| Assignment |
For the word "ffun", find each line in the entries where it occurs and copy that line.

| Entries supplied |
(* Let $\mathcal{I}=\{(i\mid A_i): i\in[m]\}$ be an index coding instance. Then $\beta(\mathcal{I})\le\beta_{\text{FP-UMCD}}(\mathcal{I})$, where $$\beta_{\text{FP-UMCD}}(\mathcal{I})=\min\sum_{j\in[n]}\gamma_j\,\beta_{\text{UMCD}}(M_j),$$ the minimum being over all finite families of (possibly overlapping) subsets $M_1,\dots,M_n\subseteq[m]$ and weights $\gamma_j\in[0,1]$ such that $\sum_{j:\, i\in M_j}\gamma_j\ge1$ for every $i\in[m]$.
   Context: Index coding: messages $x_i\in\mathbb{F}_q^t$, $i\in[m]$; receiver $i$ wants $x_i$ and knows $\{x_j:j\in A_i\}$, $A_i\subseteq[m]\setminus\{i\}$. A $(t,r)$ index code is an encoder $\phi:\mathbb{F}_q^{mt}\to\mathbb{F}_q^r$ with decoders $\psi_i$ such that $\psi_i(\phi(x),(x_j)_{j\in A_i})=x_i$ for all messages and receivers; $\beta(\mathcal{I})$ is the infimum of $r/t$ over all $t$ and all $(t,r)$ index codes (over finite fields). The subinstance $M\subseteq[m]$ has receivers $M$ and side information $A_i\cap M$; $B_i$ is the complement of $A_i\cup\{i\}$ within the receiver set. For a $0/1$ matrix $\boldsymbol{G}$, $\boldsymbol{G}^L_{[k]}$ is the submatrix of the first $k$ rows and columns $L$; $\mathrm{mcm}$ is the maximum number of $1$-entries in distinct rows and columns (0 for no columns). UMCD algorithm: $N=$ all receivers, $k=0$; while $N\ne\emptyset$: $k\leftarrow k+1$; pick $w\in N$ minimizing $|A_w|$ (arbitrary tie-breaking); row $k$ of $\boldsymbol{G}$ is the indicator of $\{w\}\cup A_w$; remove $w$ from $N$; remove every $i\in N$ with $\mathrm{mcm}(\boldsymbol{G}_{[k]}^{\{i\}\cup B_i})=\mathrm{mcm}(\boldsymbol{G}_{[k]}^{B_i})+1$; output $k$. $\beta_{\text{UMCD}}(M)$ is the output of (a fixed execution of) this algorithm on subinstance $M$. *)

From HB Require Import structures.
From mathcomp Require Import all_boot all_order all_algebra.
From mathcomp Require Import boolp classical_sets reals.
Set Implicit Arguments. Unset Strict Implicit. Unset Printing Implicit Defensive.
Import Order.TTheory GRing.Theory Num.Theory.

Section IndexCoding.
Variable m : nat.
Variable A : 'I_m -> {set 'I_m}.

Definition side_info (F : finFieldType) (t : nat)
  (x : {ffun 'I_m -> 'rV[F]_t}) (i : 'I_m) : {ffun 'I_m -> 'rV[F]_t} :=
  [ffun j => if j \in A i then x j else 0%R].

Definition is_index_code (F : finFieldType) (t r : nat)
  (phi : {ffun 'I_m -> 'rV[F]_t} -> 'rV[F]_r) : Prop :=
  exists psi : 'I_m -> 'rV[F]_r -> {ffun 'I_m -> 'rV[F]_t} -> 'rV[F]_t,
    forall (x : {ffun 'I_m -> 'rV[F]_t}) (i : 'I_m),
      psi i (phi x) (side_info x i) = x i.
Lemma totient_ratio_quotient_dense (y d : R) : 0 < y -> 0 < d ->
  exists s u, twin_params s u /\ `|totient_ratio u / totient_ratio s - y| < d.
Proof.
move=> y_gt0 d_gt0; have g3_gt0 : 0 < totient_ratio 3 by exact: totient_ratio_gt0.
have [M0 small_s] := totient_ratio_prod_primes_small 3 _ (divr_gt0 g3_gt0 y_gt0).
pose K := Num.Def.archi_bound (y / d).
have yK : y / d < K%:R by apply: archi_boundP; rewrite divr_ge0 ?ltW.
pose M := maxn 3 (maxn M0 K).
have [M3 M0M KM] : [/\ 3 <= M, M0 <= M & K <= M]%N.
  by rewrite /M !leq_max !leqnn !orbT.
pose s := prod_primes 3 M; pose gs := totient_ratio s.
have gs_gt0 : 0 < gs by rewrite totient_ratio_gt0 ?prod_primes_gt0.
have ygs_le3 : y * gs <= totient_ratio 3.
  by rewrite mulrC -ler_pdivlMr // ltW // small_s.
have [k [Mk /andP[u_ge u_lt]]] :=
  totient_ratio_crossing M _ M3 (mulr_gt0 y_gt0 gs_gt0) ygs_le3.
exists s, (3 * prod_primes M k.+1)%N; split.
  rewrite /twin_params -!coprime2n !coprimeMr [coprime s 3]coprime_sym.
  by rewrite coprime_prod_primes // !prime_coprime_prod_primes ?dvdn_mulr // ltnW.
set e := y / k.+1%:R.
have e_lt : e < d.
  rewrite ltr_pdivrMr // mulrC -ltr_pdivrMr //; apply: lt_le_trans yK _.
  by rewrite ler_nat (leq_trans KM) // ltnW.
have ratio_ge : y - e <= totient_ratio (3 * prod_primes M k.+1) / gs.
  by rewrite ler_pdivlMr // (le_trans _ u_ge) // mulrBl mulrBr mulr1 mulrAC.
have ratio_lt : totient_ratio (3 * prod_primes M k.+1) / gs < y by rewrite ltr_pdivrMr.
by rewrite ltr_norml; apply/andP; split; lra.
Qed.

End TotientRatio.

Section TwinRatio.
Local Open Scope ring_scope.

Lemma twin_ratio_error {F : numFieldType} {fu fs u s x y : F} :
  u != 0 -> s != 0 -> fs != 0 -> x != 0 -> 2 * u * (y + 1) = s * (x + 1) + 1 ->
  2 * fu * y / (fs * x) - fu / u / (fs / s) =
  fu / u / (fs / s) * ((s + 1 - 2 * u) / (s * x)).
Proof.
move=> u0 s0 fs0 x0 rel; have two0 : (2 : F) != 0 by rewrite pnatr_eq0.
have -> : y = (s * (x + 1) + 1) / (2 * u) - 1.
  by rewrite -rel; field.
by field; rewrite x0 s0 fs0 u0.
Qed.

Lemma twin_ratio_error_le {F : realFieldType} {c u s x : F} :
  0 <= c -> 0 <= u -> 1 <= s -> 0 < x ->
  `|c * ((s + 1 - 2 * u) / (s * x))| <= c * (s + 1 + 2 * u) / x.
Proof.
move=> c_ge0 u_ge0 s_ge1 x_gt0; have s_gt0 : 0 < s by apply: lt_le_trans s_ge1.
rewrite normrM ger0_norm // -mulrA; apply: ler_wpM2l => //.
have sx_ge0 : 0 <= s * x by rewrite mulr_ge0 // ltW.
rewrite normrM normfV [`|s * x|]ger0_norm // invfM mulrA.
rewrite ler_pM2r ?invr_gt0 // ler_pdivrMr // (le_trans _ (ler_peMr _ s_ge1)) //; last by lra.
by rewrite ler_norml; apply/andP; split; lra.
Qed.

Variable R : realType.

Lemma twin_totient_ratio_approx (s u : nat) (eps : R) :
  Dickson_conjecture -> twin_params s u -> 0 < eps ->
  exists p, [/\ prime p, prime p.+2 &
    `|(totient p.+1)%:R / (totient p.-1)%:R - totient_ratio R u / totient_ratio R s| < eps].
Proof.
move=> dickson su eps_gt0.
have [s_gt0 u_gt0] : (0 < s)%N /\ (0 < u)%N.
  by case/and5P: su => odd_s _ odd_u _ _; rewrite !odd_gt0.
pose C := totient_ratio R u / totient_ratio R s.
have C_ge0 : 0 <= C by rewrite divr_ge0 ?totient_ratio_ge0.
pose D : R := (s + 1 + 2 * u)%:R.
have CDe_ge0 : 0 <= C * D / eps := divr_ge0 (mulr_ge0 C_ge0 (ler0n _ _)) (ltW eps_gt0).
have [p [X [Y [[p_prime p2_prime NX] [phi_pred phi_succ rel]]]]] :=
  twin_primes_pattern s u (Num.Def.archi_bound (C * D / eps)) dickson su.
exists p; split => //.
have X_large : C * D / eps < X%:R.
  by apply: lt_le_trans (archi_boundP CDe_ge0) _; rewrite ler_nat ltnW.
have X_gt0 : 0 < X%:R :> R := le_lt_trans CDe_ge0 X_large.
have X_pos : (0 < X)%N := leq_ltn_trans (leq0n _) NX.
have relR : 2 * u%:R * (Y%:R + 1) = s%:R * (X%:R + 1) + 1 :> R.
  by apply/eqP; rewrite !natr1 -!natrM natr1 eqr_nat rel addn1.
rewrite phi_pred phi_succ !natrM (twin_ratio_error _ _ _ _ relR) ?lt0r_neq0 ?ltr0n ?totient_gt0 //.
rewrite -/(totient_ratio R u) -/(totient_ratio R s) -/C.
have s_ge1 : 1 <= s%:R :> R by rewrite ler1n.
apply: le_lt_trans (twin_ratio_error_le C_ge0 (ler0n _ u) s_ge1 X_gt0) _.
have -> : s%:R + 1 + 2 * u%:R = D by rewrite /D natrD natrM natrD.
by rewrite ltr_pdivrMr // [eps * _]mulrC -ltr_pdivrMr.
Qed.

End TwinRatio.

Local Open Scope ring_scope.

Theorem theorem1 (R : realType) :
  Dickson_conjecture ->
  forall (x eps : R), 0 <= x -> 0 < eps ->
    exists p : nat, [/\ prime p, prime p.+2 &
      `| (totient p.+1)%:R / (totient p.-1)%:R - x | < eps].
Proof.
move=> dickson x eps x_ge0 eps_gt0.
have y_gt0 : 0 < x + eps / 4 by lra.
have [|s [u [su close_su]]] := @totient_ratio_quotient_dense R _ (eps / 4) y_gt0.
  by lra.
have [|p [p_prime p2_prime close_p]] := twin_totient_ratio_approx R s u (eps / 2) dickson su.
  by lra.
exists p; split => //.
move: close_su close_p; rewrite !ltr_norml.
move: (totient_ratio R u / totient_ratio R s) ((totient p.+1)%:R / (totient p.-1)%:R).
by move=> c r /andP[? ?] /andP[? ?]; apply/andP; split; lra.
Qed.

| Expected output |
  (x : {ffun 'I_m -> 'rV[F]_t}) (i : 'I_m) : {ffun 'I_m -> 'rV[F]_t} :=
  [ffun j => if j \in A i then x j else 0%R].
  (phi : {ffun 'I_m -> 'rV[F]_t} -> 'rV[F]_r) : Prop :=
  exists psi : 'I_m -> 'rV[F]_r -> {ffun 'I_m -> 'rV[F]_t} -> 'rV[F]_t,
    forall (x : {ffun 'I_m -> 'rV[F]_t}) (i : 'I_m),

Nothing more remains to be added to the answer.